By the end of the evening, some 400 protesters had been arrested and several police officers treated for injuries.

The OPD has not returned calls for comment. Its official statements say the protesters initiated the violent actions.

Reports from others on the ground paint a very different picture. Dan Miskulin, a contractor from San Francisco, describes a situation that many caught up in the action tweeted, texted, and blogged – saying that the police created an impossible situation for the protesters. According to these reports, police in riot gear surrounded the protesters, repeatedly funneling them into first a park and then an area by the YMCA from which they had no exit.

“I watched people go up to the officers and ask how they could leave, and the officers told them to go to another spot where the officers would pass them on. People were panicking after the tear gas,” Mr. Miskulin says.

[Editor's note: The original versionof this article reported that Mr. Miskulin said, "People were panicking after the tear gas and rubber bullets."]

As for projectiles being hurled at the police, notes Drexel University political scientist George Ciccareillo-Maher, who has been following the events closely, “protesters tossed back the tear gas canisters that were being shot at them by the police.”

Perhaps one of the most incendiary images from the weekend’s skirmishes is the American flag in flames. But, points out Scott Kimball, secretary for the board of directors of Iraq Veterans Against the War, which has worked with Occupy protesters, “burning the flag is a protected form of political speech.” 

But images can take on a life of their own, says Wojtek Zarzycki, managing director and strategist for Optimal Investing, a boutique financial services firm in New York that specializes in high-net-worth individuals. 

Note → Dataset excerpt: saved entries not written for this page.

Lemma pV_violating R (t : (ar R).-tuple X) (g : {ffun X -> A}) (W : {set X}) (h : pf) :
  t \in relX R -> [tuple of map g t] \notin relA R ->
  entries t != set0 -> entries t \subset W -> (#|W| <= m)%N -> pdom h = W ->
  {in entries t, forall x, h x = Some (g x)} -> pV W h = 0.
Proof.
move=> tR gR E0 EW Wm hW hg; set f := prestr h (entries t).
have fE : pdom f = entries t by rewrite pdom_prestr hW; apply/setIidPr.
have Em : (#|entries t| <= m)%N by apply: leq_trans (subset_leq_card EW) Wm.
have pVf0 : pV (entries t) f = 0.
  rewrite (pC_marginal tR E0 (subxx _) Em fE) (big_pred1 f) => [|g']; last first.
    exact: prestr_pdom_eq.
  apply: pC_violating => // u fu; suff -> : u = [tuple of map g t] by [].
  apply/val_inj/(inj_map Some_inj); rewrite -fu /= -map_comp.
  by apply/eq_in_map => x xt; rewrite /= prestrE inE xt hg // inE.
apply/eqP; rewrite eq_le pV_ge0 ?hW ?card_gt0 ?(subset_neq0 EW) // andbT -pVf0.
rewrite (pV_marginal E0 EW Wm fE) (bigD1 h) /= ?hW ?eqxx //.
rewrite lerDl sumr_ge0 // => g' /andP [/andP [/eqP g'W _] _].
by apply: pV_ge0 g'W; rewrite card_gt0 (subset_neq0 EW).
Qed.

Variable r : nat.
Hypotheses (r_gt0 : (0 < r)%N) (ar_gt0 : forall R, (0 < ar R)%N)
  (ar_le : forall R, (ar R <= r)%N).

Lemma Pineq_SA_local (q : mlpoly F X A) : Pineq relX relA q ->
  exists D : {set X}, [/\ D != set0, (#|D| <= r)%N, ml_supported q D &
    forall (W : {set X}) (h : pf), D \subset W -> (0 < #|W| <= m)%N -> pdom h = W ->
      0 <= pV W h * ml_eval q (graph h)].
Proof.
have defined_at (W : {set X}) (h : pf) x : [set x] \subset W -> pdom h = W ->
    exists a, h x = Some a.
  by move=> + hW; rewrite sub1set -hW in_pdom; case: (h x) => // a _; exists a.
have fiber_supported x (c0 c : F) :
    ml_supported (ml_aff c0 (fun i : TT => if i.1 == x then c else 0)) [set x].
  by apply: ml_supported_aff => i; case: (eqVneq i.1 x) => [-> _|_]; rewrite ?set11 ?eqxx.
case=> [[x ->]|[[x ->]|[[R [t [g [tR gR ->]]]]|[[i ->]|[i ->]]]]].
- exists [set x]; split; [exact: set1_neq0 | by rewrite cards1 | exact: fiber_supported |].
  move=> W h xW _ hW; have [a hx] := defined_at W h x xW hW.
  by rewrite ml_eval_aff (sum_fiber_graph 1 hx) addNr mulr0.
- exists [set x]; split; [exact: set1_neq0 | by rewrite cards1 | exact: fiber_supported |].
  move=> W h xW _ hW; have [a hx] := defined_at W h x xW hW.
  by rewrite ml_eval_aff (sum_fiber_graph (-1) hx) addrN mulr0.
- exists (entries t); split; rewrite ?entries_neq0 ?(leq_trans (card_entries t)) //.
    by apply: ml_supported_aff => i; case: ifP => [/andP [] //|_]; rewrite eqxx.
  move=> W h EW /[dup] W0m /andP [_ Wm] hW; rewrite ml_eval_violation.
  have [agree|/forall_inPn [x xE hgx]] := boolP [forall x in entries t, h x == Some (g x)].
    rewrite (pV_violating tR gR _ EW Wm hW) ?mul0r ?entries_neq0 // => x xE.
    by apply/eqP; move/forall_inP: agree; apply.
  rewrite mulr_ge0 ?(pV_ge0 W0m hW) // subr_ge0 (bigD1 x) //= (negbTE hgx) subr0 lerDl.
  by apply: sumr_ge0 => y _; case: (_ == _); rewrite ?subrr ?subr0.
- exists [set i.1]; split; rewrite ?set1_neq0 ?cards1 //.
    by apply: ml_supported_aff => j; case: (eqVneq j i) => [-> _|_]; rewrite ?set11 ?eqxx.
  by move=> W h _ W0m hW; rewrite ml_eval_y mulr_ge0 ?pV_ge0.
- exists [set i.1]; split; rewrite ?set1_neq0 ?cards1 //.
    by apply: ml_supported_aff => j; case: (eqVneq j i) => [-> _|_]; rewrite ?set11 ?oppr0 ?eqxx.
  by move=> W h _ W0m hW; rewrite ml_eval_1my mulr_ge0 ?pV_ge0 // subr_ge0 lern1 leq_b1.
Qed.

“The vandalism and arrests will be more than just a black eye for the movement as now these acts are associated with its protesting,” he says via e-mail. “The influence of its actions is now lessened and the possibility of it regaining its status as the movement of the 99 percent is less likely.”

Most of the 99 percent whom the Occupy movement claims to represent, he adds, “have nothing to do with violence, nothing to do with vandalism, and only want fairness and equality.”

Prognosticators need to be careful about glib interpretations of media images, says Ted Morgan, author of “What Really Happened to the 1960s: How Mass Media Culture Failed American Democracy.”

“Millions of Americans will see images that they find anywhere from stimulating to frightening to repugnant,” he says via e-mail. Powerful backlash forces will do what they have been doing for 48 years now, he says, “using these images to foist on the wider public a distorted reality about the movements and their meanings.”

Professor Ciccariello-Maher suggests another scenario – that Oakland may be the start of the Occupy movement’s next phase as the election season picks up. Whatever interpretation prevails in Oakland may not matter. The weekend’s events may be just the flashpoint the movement needs to emerge from a somewhat quiet winter, he adds.